(* Proof: the supremum of the reachable right endpoints is [b]
   and is itself reachable. *)
Lemma cousin (G : R -> R -> R -> Prop) a b :
  a <= b ->
  (forall x, a <= x <= b ->
     exists d, 0 < d /\ forall u v, u <= x <= v -> v - u < d -> G u x v) ->
  exists l, fchain G a l b.
Proof.
  intros Hab Hg.
  set (E := fun y => a <= y <= b /\ exists l, fchain G a l y).
  assert (Eb : bound E) by (exists b; intros y [Hy _]; lra).
  assert (Ea : exists y, E y) by (exists a; split; [lra | exists nil; constructor]).
  destruct (completeness E Eb Ea) as [s [Hub Hlub]].
  assert (Has : a <= s) by (apply Hub; split; [lra | exists nil; constructor]).
  assert (Hsb : s <= b) by (apply Hlub; intros y [Hy _]; lra).
  destruct (Hg s ltac:(lra)) as [d [Hd Hgd]].
  assert (Near : exists y, E y /\ s - d / 2 < y).
  { apply NNPP; intros Hn.
    assert (s <= s - d / 2); [|lra].
    apply Hlub; intros y Ey.
    destruct (Rle_dec y (s - d / 2)) as [?|Hc]; auto.
    exfalso; apply Hn; exists y; split; auto; lra. }
  destruct Near as [y [[Hy1 [l Hl]] Hy2]].
  assert (Hys : y <= s) by (apply Hub; split; auto; exists l; auto).
  set (v := Rmin (s + d / 2) b).
  assert (Hv1 : s <= v) by (unfold v; apply Rmin_glb; lra).
  assert (Hv2 : v <= s + d / 2) by apply Rmin_l.
  assert (Hv3 : v <= b) by apply Rmin_r.
  assert (Extend : forall w, s <= w <= v -> fchain G a (l ++ [(y, s, w)]) w)
    by (intros w Hw; apply fchain_snoc; auto; [lra | apply Hgd; lra]).
  assert (Hvs : v <= s) by (apply Hub; split; [lra | eexists; apply Extend; lra]).
  assert (s = b).
  { unfold v in *. destruct (Rle_dec (s + d / 2) b).
    - rewrite Rmin_left in Hvs; lra.
    - rewrite Rmin_right in Hvs; lra. }
  subst s. exists (l ++ [(y, b, v)]).
  replace b with v at 2 by lra. apply Extend; lra.
Qed.

Inductive ordered : R -> list (R * R) -> R -> Prop :=
| ordered_nil a b : a <= b -> ordered a nil b
| ordered_cons a p q l b : a <= p -> p <= q -> ordered q l b -> ordered a ((p, q) :: l) b.

Definition lsum (g : R * R -> R) (L : list (R * R)) : R :=
  fold_right (fun pq s => g pq + s) 0 L.

Definition sumlen (L : list (R * R)) : R := lsum (fun pq => snd pq - fst pq) L.

Definition sumabs (f : R -> R) (L : list (R * R)) : R :=
  lsum (fun pq => Rabs (f (snd pq) - f (fst pq))) L.

Lemma ordered_le a l b : ordered a l b -> a <= b.
Proof. induction 1; lra. Qed.

Lemma ordered_weak a a' l b : ordered a l b -> a' <= a -> ordered a' l b.
Proof. intros H; inversion H; subst; intros; constructor; auto; lra. Qed.

Lemma ordered_filter (P : R * R -> bool) a L b : ordered a L b -> ordered a (filter P L) b.
Proof.
  induction 1 as [|a p q l b Hap Hpq Hl IH]; simpl; [constructor; auto|].
  destruct (P (p, q)); [constructor; auto | apply (ordered_weak q); auto; lra].
Qed.

Lemma lsum_filter_split (P : R * R -> bool) g L :
  lsum g L = lsum g (filter P L) + lsum g (filter (fun pq => negb (P pq)) L).
Proof.
  induction L as [|pq L IH]; simpl; [lra|].
  destruct (P pq); simpl; rewrite IH; lra.
Qed.

Lemma ordered_nth a L b d : ordered a L b -> forall i, (i < length L)%nat ->
  a <= fst (nth i L d) /\ fst (nth i L d) <= snd (nth i L d) /\ snd (nth i L d) <= b.
Proof.
  induction 1 as [|a p q l b Hap Hpq Hl IH]; simpl; intros i Hi; [lia|].
  pose proof (ordered_le _ _ _ Hl).
  destruct i; simpl; [lra|]. destruct (IH i ltac:(lia)); lra.
Qed.

Lemma ordered_nth_succ a L b d : ordered a L b -> forall i, (S i < length L)%nat ->
  snd (nth i L d) <= fst (nth (S i) L d).
Proof.
  induction 1 as [|a p q l b Hap Hpq Hl IH]; simpl; intros i Hi; [lia|].
  destruct i; simpl; [|apply IH; lia].
  destruct (ordered_nth _ _ _ d Hl 0%nat ltac:(lia)); simpl in *; lra.
Qed.

Lemma rsum_nth (g : R * R -> R) L d :
  rsum (length L) (fun i => g (nth i L d)) = lsum g L.
Proof.
  induction L as [|pq L IH]; [reflexivity|].
  change (length (pq :: L)) with (S (length L)).
  rewrite rsum_shift; simpl; rewrite IH; reflexivity.
Qed.

Lemma abs_cont_ordered f a b eps d L :
  (forall (n : nat) (x y : nat -> R),
      (forall i, (i < n)%nat -> a <= x i /\ x i <= y i /\ y i <= b) ->
      (forall i, (S i < n)%nat -> y i <= x (S i)) ->
      rsum n (fun i => y i - x i) < d ->
      rsum n (fun i => Rabs (f (y i) - f (x i))) < eps) ->
  ordered a L b -> sumlen L < d -> sumabs f L < eps.
Proof.
  intros H Ho Hs.
  specialize (H (length L) (fun i => fst (nth i L (a, a))) (fun i => snd (nth i L (a, a)))
                (ordered_nth a L b (a, a) Ho) (ordered_nth_succ a L b (a, a) Ho)).
  unfold sumlen, sumabs; rewrite <- !(rsum_nth _ L (a, a)). apply H.
  unfold sumlen in Hs; rewrite <- (rsum_nth _ L (a, a)) in Hs. exact Hs.
Qed.

Lemma sumlen_inside lo L hi A B :
  ordered lo L hi -> (forall pq, In pq L -> A <= fst pq /\ snd pq <= B) ->
  sumlen L <= Rmax 0 (B - Rmax lo A).
Proof.
  unfold sumlen, lsum.
  induction 1 as [|a p q l b Hap Hpq Hl IH]; intros Hin; simpl; [apply Rmax_l|].
  assert (IH' : fold_right (fun pq s => snd pq - fst pq + s) 0 l <= Rmax 0 (B - Rmax q A))
    by (apply IH; intros; apply Hin; right; auto).
  destruct (Hin (p, q) (or_introl eq_refl)) as [E1 E2]; simpl in *.
  unfold Rmax in *; repeat destruct Rle_dec; lra.
Qed.

Definition insideb (A B : R) (pq : R * R) : bool :=
  if Rle_dec A (fst pq) then if Rle_dec (snd pq) B then true else false else false.

(* Induction on [K], splitting off the intervals inside [[a' K, b' K]]. *)
Lemma sumlen_covered (a' b' : nat -> R) K :
  (forall k, a' k <= b' k) -> forall lo L hi, ordered lo L hi ->
  (forall pq, In pq L -> exists k, (k < K)%nat /\ a' k <= fst pq /\ snd pq <= b' k) ->
  sumlen L <= rsum K (fun k => b' k - a' k).
Proof.
  intros Hab. induction K as [|K IH]; intros lo L hi Ho Hin.
  - destruct L as [|pq L]; [simpl; unfold sumlen; simpl; lra|].
    destruct (Hin pq (or_introl eq_refl)) as [k [Hk _]]; lia.
  - unfold sumlen; rewrite (lsum_filter_split (insideb (a' K) (b' K))); simpl.
    assert (Inside : sumlen (filter (insideb (a' K) (b' K)) L) <= b' K - a' K).
    { eapply Rle_trans.
      - apply (sumlen_inside lo _ hi (a' K) (b' K)); [apply ordered_filter; auto|].
        intros pq Hpq. apply filter_In in Hpq as [_ Hpq]. unfold insideb in Hpq.
        destruct Rle_dec; [destruct Rle_dec|]; try discriminate; auto.
      - specialize (Hab K). unfold Rmax; repeat destruct Rle_dec; lra. }
    assert (Outside : sumlen (filter (fun pq => negb (insideb (a' K) (b' K) pq)) L)
                      <= rsum K (fun k => b' k - a' k)).
    { apply (IH lo _ hi); [apply ordered_filter; auto|].
      intros pq Hpq. apply filter_In in Hpq as [Hpq Hout].
      destruct (Hin pq Hpq) as [k [Hk [Hk1 Hk2]]]. exists k; split; auto.
      destruct (Nat.eq_dec k K); [|lia]. subst k. unfold insideb in Hout.
      destruct Rle_dec; [destruct Rle_dec|]; try discriminate; lra. }
    unfold sumlen in Inside, Outside; lra.
Qed.

(** Monotonicity: an absolutely continuous function whose derivative is
    nonpositive almost everywhere is nonincreasing. *)

Lemma nonpos_derivative_local f x d eps :
  derivable_pt_lim f x d -> d <= 0 -> 0 < eps ->
  exists delta, 0 < delta /\
    forall u v, u <= x <= v -> v - u < delta -> f v - f u <= eps * (v - u).
Proof.
  intros Df Hd He. destruct (Df eps He) as [del Hdel].
  exists (pos del); split; [apply cond_pos|]. intros u v Huv Hvu.
  assert (Right : f v - f x <= eps * (v - x)).
  { destruct (Req_dec v x) as [->|Hne]; [lra|].
    specialize (Hdel (v - x) ltac:(lra) ltac:(rewrite Rabs_right; lra)).
    replace (x + (v - x)) with v in Hdel by ring.
    apply Rabs_def2 in Hdel as [H1 H2].
    assert ((f v - f x) / (v - x) * (v - x) = f v - f x) by (field; lra).
    assert ((f v - f x) / (v - x) * (v - x) <= eps * (v - x))
      by (apply Rmult_le_compat_r; lra).
    lra. }
  assert (Left : f x - f u <= eps * (x - u)).
  { destruct (Req_dec u x) as [->|Hne]; [lra|].
    specialize (Hdel (u - x) ltac:(lra) ltac:(rewrite Rabs_left; lra)).
    replace (x + (u - x)) with u in Hdel by ring.
    apply Rabs_def2 in Hdel as [H1 H2].
    assert ((f u - f x) / (u - x) * (x - u) = - (f u - f x)) by (field; lra).
    assert ((f u - f x) / (u - x) * (x - u) <= eps * (x - u))
      by (apply Rmult_le_compat_r; lra).
    lra. }
  lra.
Qed.

(* Fineness condition used with Cousin's lemma: intervals tagged in the null
   set [N] lie inside a covering interval, the others have increments at most
   [eps] times their length. *)
Definition fine_tag (f : R -> R) (N : R -> Prop) (a' b' : nat -> R) (eps u x v : R) : Prop :=
  (N x -> exists k, a' k <= u /\ v <= b' k) /\ (~ N x -> f v - f u <= eps * (v - u)).

Lemma fine_chain_increment f N a' b' eps lo l hi :
  0 <= eps -> fchain (fine_tag f N a' b' eps) lo l hi ->
  exists L K, ordered lo L hi /\
    (forall pq, In pq L -> exists k, (k < K)%nat /\ a' k <= fst pq /\ snd pq <= b' k) /\
    f hi - f lo <= eps * (hi - lo) + sumabs f L.
Proof.
  intros He. induction 1 as [a|u x v l b Huxv [Gnull Gok] Hl IH].
  - exists nil, O. split; [constructor; lra|]. split; [simpl; tauto|].
    unfold sumabs; simpl; lra.
  - destruct IH as [L [K [Ho [Hin Hinc]]]].
    pose proof (ordered_le _ _ _ Ho).
    destruct (classic (N x)) as [Nx|Nx].
    + destruct (Gnull Nx) as [k Hk]. exists ((u, v) :: L), (S (Nat.max k K)).
      split; [constructor; auto; lra|]. split.
      * intros pq [<-|Hpq]; [exists k; simpl; split; [lia | lra]|].
        destruct (Hin pq Hpq) as [k' Hk']. exists k'; split; [lia | tauto].
      * unfold sumabs in *; simpl.
        pose proof (Rle_abs (f v - f u)).
        assert (0 <= eps * (v - u)) by (apply Rmult_le_pos; lra).
        lra.
    + exists L, K. split; [apply (ordered_weak v); auto; lra|]. split; auto.
      specialize (Gok Nx). lra.
Qed.

Lemma ac_increment_small f a b N eps :
  a <= b -> abs_cont_on f a b -> negligible N -> 0 < eps ->
  (forall x, a <= x <= b -> ~ N x -> exists d, derivable_pt_lim f x d /\ d <= 0) ->
  f b - f a <= eps * (b - a) + eps.
Proof.
  intros Hab Hac HN He Hd.
  destruct (Hac eps He) as [dl [Hdl HAC]].
  destruct (HN (dl / 2) ltac:(lra)) as [a' [b' [Cov [Lab Sab]]]].
  destruct (cousin (fine_tag f N a' b' eps) a b Hab) as [l Hl].
  { intros x Hx. destruct (classic (N x)) as [Nx|Nx].
    - destruct (Cov x Nx) as [k Hk].
      exists (Rmin (x - a' k) (b' k - x)); split; [apply Rmin_glb_lt; lra|].
      intros u v Huv Hvu.
      pose proof (Rmin_l (x - a' k) (b' k - x)); pose proof (Rmin_r (x - a' k) (b' k - x)).
      split; [intros _; exists k; lra | tauto].
    - destruct (Hd x Hx Nx) as [d [Dd Dle]].
      destruct (nonpos_derivative_local f x d eps Dd Dle He) as [del [Hdel Hloc]].
      exists del; split; auto. intros u v Huv Hvu. split; [tauto|]. intros _; auto. }
  destruct (fine_chain_increment f N a' b' eps a l b ltac:(lra) Hl)
    as [L [K [Ho [Hin Hinc]]]].
  pose proof (sumlen_covered a' b' K Lab a L b Ho Hin).
  specialize (Sab K).
  assert (sumabs f L < eps) by (apply (abs_cont_ordered f a b eps dl L); auto; lra).
  lra.
Qed.

(* Letting [eps] go to [0] in [ac_increment_small]. *)
Lemma ac_nonincreasing f a b N :
  a <= b -> abs_cont_on f a b -> negligible N ->
  (forall x, a <= x <= b -> ~ N x -> exists d, derivable_pt_lim f x d /\ d <= 0) ->
  f b <= f a.
Proof.
  intros Hab Hac HN Hd. apply Rnot_lt_le; intros Hlt.
  set (eps := (f b - f a) / (2 * (b - a + 1))).
  assert (He : 0 < eps) by (unfold eps; apply Rdiv_lt_0_compat; lra).
  pose proof (ac_increment_small f a b N eps Hab Hac HN He Hd).
  assert (eps * (b - a) + eps = (f b - f a) / 2) by (unfold eps; field; lra).
  lra.
Qed.

(** Pointwise Lyapunov estimates for the closed-loop error dynamics. *)

Lemma znorm_sq a b : znorm a b * znorm a b = a * a + b * b /\ 0 <= znorm a b.
Proof. unfold znorm. split; [rewrite sqrt_sqrt; [ring | nra] | apply sqrt_pos]. Qed.

Lemma SGN_mul x sigma : SGN x sigma -> sigma * x = Rabs x.
Proof.
  intros [[Hx ->]|[[Hx ->]|[-> _]]];
    [rewrite Rabs_right | rewrite Rabs_left | rewrite Rabs_R0]; lra.
Qed.

Lemma quad_form_bounds cm cM m a b :
  cm <= m <= cM ->
  Rmin (/ 2) (cm / 2) * (a * a + b * b) <= / 2 * (a * a) + / 2 * (m * (b * b))
  <= Rmax (/ 2) (cM / 2) * (a * a + b * b).
Proof.
  intros Hm.
  pose proof (Rmin_l (/ 2) (cm / 2)); pose proof (Rmin_r (/ 2) (cm / 2)).
  pose proof (Rmax_l (/ 2) (cM / 2)); pose proof (Rmax_r (/ 2) (cM / 2)).
  pose proof (Rle_0_sqr a); pose proof (Rle_0_sqr b); unfold Rsqr in *. nra.
Qed.

Lemma input_gain_bound eps cOm1 B Om :
  0 < eps -> 0 < cOm1 -> - B > eps -> cOm1 <= Om -> B * Om <= - (eps * cOm1).
Proof. intros; assert (eps * cOm1 <= (- B) * Om) by (apply Rmult_le_compat; lra); lra. Qed.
··········
§ **EXERCISE AIM**
Go through the entries above and count the lines containing "negb". Give the number only.

§ **RESPONSE**
2